Category Archives: Habanero

A Year in Brews

Hard to believe, but it’s been over a year since Andrew and I started brewing. Things have gone much better than I had originally imagined, and I’m enjoying myself even more than I would have thought possible.

In celebration, here’s a rundown of the brews we’ve made and how they turned out:

  • Porter (P1) — Our first attempt, 1 1/2 gallons short and a little weird, but drinkable. Ah, sweet success!
  • Stout (S1) — Tasty, and especially excellent after the “passable” port
  • Trappist Ale (T1) — Kit was a Christmas gift. Very nice, with the bubble gum/banana fruitness expected of the variety.
  • Nut Brown (B1) — First real failure… just turned out with a weird flavor, overly foamy.
  • Porter (P2) — Fantastic redux on the porter. One of my favorite batches.
  • Irish Red (R1) — Good red color, nice flavor, a solid entry.
  • West Coast Stout (S2) — Great stout. When I found one more six-pack of it recently in the utility room, I actually cheered.
  • Habanero Amber (H1) — Solid Amber ale + habanero kick. Not kill-your-taste-buds-off hot, but you definitely need another drink by the end of it.
  • Belgian Wit (W1) — Our lightest beer yet. Expected more of a spiciness from the coriander and orange zest, but drinkable.
  • IPA (I1) — Enter the hops! Not quite as light as many IPA’s in color, but good flavor.
  • Stout (S3) — Another good stout. Intended for gift-giving (really, I will give it away soon once it’s rested enough!)
  • Porter (P3) — Ditto the S3. Good porter effort, but not long for my home unfortunately.
  • Porter (PB) –Arg, busted thermometer screwed the batch!
  • Porter (PB’) — Still in the carboys, but it’s the “baby porter” for after my wife can drink again.
  • Stout (SB/S4) — Stout base for a bourbon spiked stout. Still in the primary, but hopes are high!

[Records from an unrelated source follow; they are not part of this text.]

(* Let $(E,P,\vartheta)$ be a complete bipolar metric space and let $F\colon E\cup P\to E\cup P$ with $F(E)\subseteq E$, $F(P)\subseteq P$ be a polynomial contraction, i.e. there exist $\pi\in(0,1)$, an integer $\sigma\geq1$ and functions $q_\upsilon\colon E\times P\to[0,\infty)$, $\upsilon=0,\dots,\sigma$, such that $$\sum_{\upsilon=0}^{\sigma} q_\upsilon(Fe,Ff)\,\vartheta^\upsilon(Fe,Ff)\leq \pi\sum_{\upsilon=0}^{\sigma} q_\upsilon(e,f)\,\vartheta^\upsilon(e,f)\quad\text{for all } e\in E,\ f\in P.$$ Assume (i) $F$ is Picard-continuous, and (ii) there exist $\varrho\in\{1,\dots,\sigma\}$ and $Q_\varrho>0$ with $q_\varrho(e,f)\geq Q_\varrho$ for all $e\in E$, $f\in P$. Then $F$ has a unique fixed point.
   Context: A bipolar metric space is a triple $(E,P,\vartheta)$ where $E,P$ are nonempty sets and $\vartheta\colon E\times P\to[0,\infty)$ satisfies: (1) for $e\in E$, $f\in P$, $\vartheta(e,f)=0$ iff $e=f$; (2) $\vartheta(e,f)=\vartheta(f,e)$ whenever $e,f\in E\cap P$; (3) $\vartheta(e,f)\leq\vartheta(e,z)+\vartheta(r,z)+\vartheta(r,f)$ for all $e,r\in E$, $z,f\in P$. A sequence $(x_n)$ in $E$ converges to $y\in P$ if $\vartheta(x_n,y)\to0$; a sequence $(y_n)$ in $P$ converges to $x\in E$ if $\vartheta(x,y_n)\to0$. A bisequence $(x_n,y_n)$ with $x_n\in E$, $y_n\in P$ is Cauchy if for every $\varepsilon>0$ there is $N$ with $\vartheta(x_n,y_m)<\varepsilon$ for all $n,m\geq N$; the space is complete if every Cauchy bisequence is convergent. $F$ is Picard-continuous if for all $g\in E$, $h\in P$: $\lim_{n\to\infty}\vartheta(F^n g,h)=0$ implies $\lim_{n\to\infty}\vartheta(F(F^ng),Fh)=0$, where $F^0g=g$, $F^{n+1}g=F(F^ng)$. $\vartheta^\upsilon$ denotes the $\upsilon$-th power of $\vartheta$, with $\vartheta^0\equiv1$. A fixed point of $F$ is a point $g$ with $Fg=g$. *)

From Stdlib Require Import Reals.
Open Scope R_scope.

(* A bipolar metric space (E,P,d): E and P are nonempty subsets (predicates) of
   an ambient type X (so that E ∩ P and E ∪ P make sense); d is only
   meaningful on E × P. *)
Definition bipolar_metric {X : Type} (E P : X -> Prop) (d : X -> X -> R) : Prop :=
  (exists e, E e) /\ (exists p, P p) /\
  (forall e f, E e -> P f -> 0 <= d e f) /\
  (forall e f, E e -> P f -> (d e f = 0 <-> e = f)) /\
  (forall e f, E e -> P e -> E f -> P f -> d e f = d f e) /\
  (forall e r z f, E e -> E r -> P z -> P f ->
     d e f <= d e z + d r z + d r f).

Definition conv_EP {X : Type} (d : X -> X -> R) (x : nat -> X) (y : X) : Prop :=
  Un_cv (fun n => d (x n) y) 0.

Definition conv_PE {X : Type} (d : X -> X -> R) (y : nat -> X) (x : X) : Prop :=
  Un_cv (fun n => d x (y n)) 0.

Definition cauchy_bisequence {X : Type} (d : X -> X -> R) (x y : nat -> X) : Prop :=
  forall eps, eps > 0 -> exists N, forall n m, (n >= N)%nat -> (m >= N)%nat ->
    d (x n) (y m) < eps.

Definition convergent_bisequence {X : Type} (E P : X -> Prop) (d : X -> X -> R)
  (x y : nat -> X) : Prop :=
  (exists q, P q /\ conv_EP d x q) /\ (exists p, E p /\ conv_PE d y p).

Definition bipolar_complete {X : Type} (E P : X -> Prop) (d : X -> X -> R) : Prop :=
  forall x y : nat -> X, (forall n, E (x n)) -> (forall n, P (y n)) ->
    cauchy_bisequence d x y -> convergent_bisequence E P d x y.

Fixpoint iter_map {X : Type} (F : X -> X) (n : nat) (g : X) : X :=
  match n with
  | O => g
  | S k => F (iter_map F k g)
  end.

Definition picard_continuous {X : Type} (E P : X -> Prop) (d : X -> X -> R)
  (F : X -> X) : Prop :=
  forall g h, E g -> P h ->
    Un_cv (fun n => d (iter_map F n g) h) 0 ->
    Un_cv (fun n => d (F (iter_map F n g)) (F h)) 0.

Definition poly_sum {X : Type} (d : X -> X -> R) (q : nat -> X -> X -> R)
  (sigma : nat) (e f : X) : R :=
  sum_f_R0 (fun u => q u e f * (d e f) ^ u) sigma.

Definition polynomial_contraction {X : Type} (E P : X -> Prop) (d : X -> X -> R)
  (F : X -> X) (pi : R) (sigma : nat) (q : nat -> X -> X -> R) : Prop :=
  0 < pi < 1 /\ (1 <= sigma)%nat /\
  (forall u e f, (u <= sigma)%nat -> E e -> P f -> 0 <= q u e f) /\
  (forall e f, E e -> P f ->
     poly_sum d q sigma (F e) (F f) <= pi * poly_sum d q sigma e f).

(* Since [q_rho >= Q], the polynomial [S(e,f) = sum_u q_u(e,f) d(e,f)^u] dominates
   [Q d(e,f)^rho], while [S] shrinks by the factor [pi] under [F]; hence
   [d(F^n e, F^n f) <= c t^n] with [t = pi^(1/rho) < 1].  Applied to the pairs
   [(e,f)], [(F e,f)] and [(e,F f)], this bounds the distances between consecutive
   terms of the Picard bisequence geometrically, so the quadrilateral inequality
   makes it Cauchy.  Its limit is a fixed point by Picard continuity, and a pair
   of fixed points [(e,f)] satisfies [S(e,f) <= pi S(e,f)], forcing [d(e,f) = 0]. *)

From Stdlib Require Import Reals Lra Lia.
Open Scope R_scope.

All in all, far more success on that list than I expected getting into the brewing game. Plenty of other challenges ahead, but then the rewards make it all worthwhile.

Keep brewing out there folks!

Is it getting chile in here?

Today’s a momentous brewing day. Several weeks ago, Andrew and I did our first double-batch! He’d recently moved into his own home, and since we’ve got two houses, it only makes sense that we’d have two beers brewing.

So it’s bottling day for those next two batches. One is a redux on the stout that we’d done earlier, shooting for a bit more malty, less hoppy take. Turns out the original recipe we were using was more of a West Coast stout, which tends to the hoppiness more than we’d prefer.

The second batch was the more exotic and exciting–a habanero amber ale! We’d finally gotten comfortable enough with the last couple batches to try something a little different. Now one of my favorite beers ever is called the Hot Tamale is only available on tap at the Old Market Pub and Brewery, which I don’t live too close to. I’ve had a lot of chile beers that give you a hint of heat, but this beer was hot!

Given my love for all things spicy, we had to try this concoction ourselves. After talking to the guys at Main Street, we found the procedure was pretty simple. You put the peppers in for the last fifteen minutes of the boil. To test it out before-hand (and you should check it, since peppers vary wildly in heat levels!), just boil 1/20 of the pepper amount you’re considering for fifteen minutes, then let that cool all the way down to room temperature. Then test it out. This is going to be a bit hotter than the final product, and in our case was spicy! It’ll be a few weeks before we can give it a real check, but I’m hugely excited.

And to make matters even better, after bottling today, we’re going over to hang out with some friends who do all-grain brewing. Not sure I can imagine a better brewing day!